Une fois la période de probation complétée, vous êtes en droit de bénéficier pleinement aux avantages sociaux. (Assurance santé, dentaire, vue et vie).
Durant cette période de probation, 411.ca Recherche Locale peut, à son entière discrétion, mettre fin à votre emploi sans causes ni pré-avis et sans aucune compensation monétaire. Après la dite période de probation, votre emploi peut être terminé seulement après vous avoir donné un avis tel que prescrit par les Normes du Travail du Québec. De même si vous décidez de mettre un terme à votre emploi suite à la période de probation, un avis équivalent vous sera demandé.
( Reproduit tel quel )
[8] Yves Saint-Sauveur déclare que l’employeur prévoit une période d’essai de trois mois parce que certains peuvent avoir de la difficulté à démarrer. Dans le domaine d’activités de l’employeur, les résultats font foi de tout et l’entreprise ne peut recouvrer son investissement auprès d’un nouvel employé qu’après quatre mois. Cependant, affirme-t-il, un bon vendeur fait des ventes dès le début. Il ajoute que les attentes de l’entreprise sont d’un minimum de deux ventes par jour.
[9] La formation des nouveaux représentants dure environ une semaine. Le matin, la plaignante est formée par Yves Saint-Sauveur et l’après-midi, elle écoute des conversations de représentants pendant leurs appels pour se familiariser avec les techniques de vente.

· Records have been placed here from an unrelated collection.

Lemma is_min_node_hr_act :
  is_min_node l (hr_root l a r) (relabel (hr_relabel l a r) r) = ~~ is_min_node l a r.
Proof.
have := perm_hr_act; rewrite hr_act_inner // => /perm_mem eq_w.
rewrite is_min_nodeE (eq_seqmin eq_w) /hr_root seqmax_root_right seqmin_root_right.
by case: ifP => _; rewrite ?eqxx // eq_sym (negbTE seqmin_neq_seqmax).
Qed.

Lemma hr_node_ok_hr_act : hr_node_ok l (hr_root l a r) (relabel (hr_relabel l a r) r).
Proof.
have := perm_hr_act; rewrite hr_act_inner // => /perm_mem eq_w.
rewrite hr_node_okE /= -/(word (BNode l _ _)) (eq_seqmin eq_w) (eq_seqmax eq_w).
rewrite is_empty_relabel (negbTE r_ne) andbF /=.
have mem_r' : word (relabel (hr_relabel l a r) r) =i hr_rest l a r.
  by move=> x; rewrite word_relabel (perm_mem perm_hr_relabel).
rewrite !mem_r' /hr_root seqmax_root_right seqmin_root_right.
case: ifP => [/min_node_extrema[a_min _] | /negbT/max_node_extrema[a_max _]].
  by rewrite eqxx orbT /= eq_sym (negbTE seqmin_neq_seqmax) -a_min root_in_hr_rest.
by rewrite eqxx /= (negbTE seqmin_neq_seqmax) -a_max root_in_hr_rest.
Qed.

Lemma hr_actK : hr_act l (hr_root l a r) (relabel (hr_relabel l a r) r) = BNode l a r.
Proof.
set b := hr_root l a r; set g := hr_relabel l a r.
have perm_R : perm_eq (b :: word (relabel g r)) (a :: word r).
  by rewrite -(permPr (perm_hr_rest l a r)) word_relabel perm_cons perm_hr_relabel.
have root_back : hr_root l b (relabel g r) = a.
  rewrite /hr_root is_min_node_hr_act (eq_seqmax (perm_mem perm_R)) (eq_seqmin (perm_mem perm_R)).
  rewrite seqmax_root_right seqmin_root_right.
  by case: ifP => [/max_node_extrema[<- _] | /negbFE/min_node_extrema[<- _]].
have rest_back : hr_rest l b (relabel g r) = sort leq (word r).
  by rewrite /hr_rest root_back; apply: perm_sort_leq; have := perm_rem a perm_R; rewrite /= eqxx.
have sort_back : sort leq (word (relabel g r)) = hr_rest l a r.
  rewrite -[RHS](sorted_sort leq_trans) ?sort_sorted //; last exact: leq_total.
  by apply: perm_sort_leq; rewrite word_relabel perm_hr_relabel.
rewrite hr_act_inner ?is_empty_relabel // root_back relabel_comp /hr_relabel rest_back sort_back.
congr BNode; rewrite -[RHS]relabel_id; apply: eq_in_relabel => y y_in /=.
apply: transferK; rewrite ?mem_sort ?size_hr_rest ?size_sort //.
by have := sorted_hr_rest; rewrite ltn_sorted_uniq_leq => /andP[].
Qed.

End InnerNode.

Lemma perm_hr_act_HR l a r :
  is_HR (BNode l a r) -> perm_eq (word (hr_act l a r)) (word (BNode l a r)).
Proof.
case/is_HR_nodeP => uniq_w ok _ _; have [r_empty | r_ne] := boolP (is_empty r).
  by rewrite /hr_act r_empty (hr_node_ok_leaf ok r_empty).
exact: perm_hr_act.
Qed.

Lemma is_HR_hr_act l a r : is_HR (BNode l a r) -> is_HR (hr_act l a r).
Proof.
move=> HR_n; have /is_HR_nodeP[uniq_w ok HR_l HR_r] := HR_n.
have [r_empty | r_ne] := boolP (is_empty r).
  by rewrite /hr_act r_empty (hr_node_ok_leaf ok r_empty).
have uniq_w' := perm_hr_act uniq_w r_ne; rewrite hr_act_inner // in uniq_w' *.
apply/is_HR_nodeP; split; rewrite ?(perm_uniq uniq_w') ?hr_node_ok_hr_act ?is_HR_relabel //.
exact: hr_relabel_mono.
Qed.

Lemma nleaves_hr_act l a r : nleaves (hr_act l a r) = nleaves (BNode l a r).
Proof. by rewrite /hr_act; case: ifP => //= _; rewrite is_empty_relabel nleaves_relabel. Qed.

Lemma is_empty_hr_act l a r : is_empty (hr_act l a r) = false.
Proof. by rewrite /hr_act; case: ifP. Qed.

Lemma hr_act_relabel f l a r : {in word (BNode l a r) &, {mono f : x y / x <= y}} ->
  hr_act (relabel f l) (f a) (relabel f r) = relabel f (hr_act l a r).
Proof.
move=> f_mono; rewrite !hr_actE !is_empty_relabel; case: ifP => //= _.
have mono_R : {in a :: word r &, {mono f : x y / x <= y}}.
  by move=> x y x_in y_in; apply: f_mono; apply: subset_root_right.
have mono_r : {in word r &, {mono f : x y / x <= y}}.
  by move=> x y x_in y_in; apply: mono_R; rewrite inE ?x_in ?y_in orbT.
have root_f : hr_root (relabel f l) (f a) (relabel f r) = f (hr_root l a r).
  rewrite /hr_root is_min_node_relabel // word_relabel -map_cons.
  by case: ifP => _; [apply: seqmax_map | apply: seqmin_map].
have rest_f : hr_rest (relabel f l) (f a) (relabel f r) = map f (hr_rest l a r).
  rewrite /hr_rest root_f word_relabel -map_cons map_rem_in ?hr_root_mem //;
    last exact: incn_inj_in mono_R.
  by apply: sort_map_mono => x y /mem_rem x_in /mem_rem y_in; apply: mono_R.
rewrite root_f; congr BNode; rewrite !relabel_comp; apply: eq_in_relabel => y y_in /=.
rewrite /hr_relabel /transfer rest_f word_relabel sort_map_mono // index_map_in ?mem_sort //.
  by rewrite (nth_map 0) // size_hr_rest -(size_sort leq) index_mem mem_sort.
by move=> u v; rewrite !mem_sort; apply: (incn_inj_in mono_r).
Qed.

Lemma hr_root_perm l1 l2 a r1 r2 : perm_eq (word l1) (word l2) -> perm_eq (word r1) (word r2) ->
  hr_root l1 a r1 = hr_root l2 a r2.
Proof.
move=> perm_l perm_r.
have /perm_mem eq_R : perm_eq (a :: word r1) (a :: word r2) by rewrite perm_cons.
by rewrite /hr_root (is_min_node_perm a perm_l perm_r) (eq_seqmax eq_R) (eq_seqmin eq_R).
Qed.

Lemma hr_relabel_perm l1 l2 a r1 r2 : perm_eq (word l1) (word l2) -> perm_eq (word r1) (word r2) ->
  hr_relabel l1 a r1 = hr_relabel l2 a r2.
Proof.
move=> perm_l perm_r; have perm_R : perm_eq (a :: word r1) (a :: word r2) by rewrite perm_cons.
by rewrite /hr_relabel /hr_rest (hr_root_perm a perm_l perm_r) (perm_sort_leq perm_r)
           (perm_sort_leq (perm_rem _ perm_R)).
Qed.

Lemma psi_relabel f i t : {in word t &, {mono f : x y / x <= y}} ->
  psi i (relabel f t) = relabel f (psi i t).
Proof.
elim: t i => //= l IHl a r IHr i f_mono; rewrite word_relabel size_map.
case: ifP => _.
  by rewrite /= IHl // => x y x_in y_in; apply: f_mono; rewrite mem_cat ?x_in ?y_in.
case: ifP => _; first exact: hr_act_relabel.
by rewrite /= IHr // => x y x_in y_in; apply: f_mono; rewrite mem_cat inE ?x_in ?y_in !orbT.
Qed.

(** * Orbits *)

(* [flip_tree t t'] holds when t' arises from t by applying the HR-action at an arbitrary set of
   nodes, each node after its two subtrees; for an HR-tree t these t' make up Orb(t). *)
Inductive flip_tree : btree -> btree -> Prop :=
  | FlipEmpty : flip_tree BEmpty BEmpty
  | FlipNode l a r l' r' (f : bool) : flip_tree l l' -> flip_tree r r' ->
      flip_tree (BNode l a r) (if f then hr_act l' a r' else BNode l' a r').

Lemma flip_treeP t t' : flip_tree t t' ->
  if t is BNode l a r then exists f l' r',
    [/\ flip_tree l l', flip_tree r r' & t' = if f then hr_act l' a r' else BNode l' a r']
  else t' = BEmpty.
Proof. by case=> // l a r l' r' f flip_l flip_r; exists f, l', r'. Qed.

Lemma flip_tree_refl t : flip_tree t t.
Proof. by elim: t => [|l IHl a r IHr]; [exact: FlipEmpty | exact: (FlipNode a false)]. Qed.

Lemma flip_tree_props t t' : flip_tree t t' -> is_HR t ->
  [/\ perm_eq (word t') (word t), is_HR t', nleaves t' = nleaves t & is_empty t' = is_empty t].
Proof.
elim=> // l a r l' r' f _ IHl _ IHr HR_n; have /is_HR_nodeP[_ _ HR_l HR_r] := HR_n.
have [perm_l HR_l' leaves_l empty_l] := IHl HR_l.
have [perm_r HR_r' leaves_r empty_r] := IHr HR_r.
have HR_n' := is_HR_node_perm HR_n HR_l' HR_r' perm_l perm_r empty_l empty_r.
have perm_n := perm_word_node a perm_l perm_r.
have leaves_n : nleaves (BNode l' a r') = nleaves (BNode l a r).
  by rewrite /= leaves_l leaves_r empty_l empty_r.
case: f => //; split; rewrite ?is_HR_hr_act ?nleaves_hr_act ?is_empty_hr_act //.
exact: perm_trans (perm_hr_act_HR HR_n') perm_n.
Qed.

[10] C’est ainsi que les choses se passent lors de sa première semaine, celle débutant le mardi 31 mai. La semaine suivante, la plaignante continue son apprentissage en écoutant également des représentants au téléphone. Elle ne travaille pas pendant deux jours parce que les locaux sont fermés pour peindre les murs.
[11] La plaignante affirme qu’on ne lui a pas fait part d’attentes particulières. Elle a eu quelques difficultés au début parce que le système informatique qui émet une liste d’appels à faire n’est pas nécessairement à jour. Il arrivait donc que des numéros de téléphone n’étaient plus bons ou que l’entreprise appelée avait déjà été sollicitée par un collègue. Il fallait donc compléter par des recherches personnelles. De plus, les instructions d’utilisation du système n’étaient pas claires et elle devait poser des questions à ses collègues de travail.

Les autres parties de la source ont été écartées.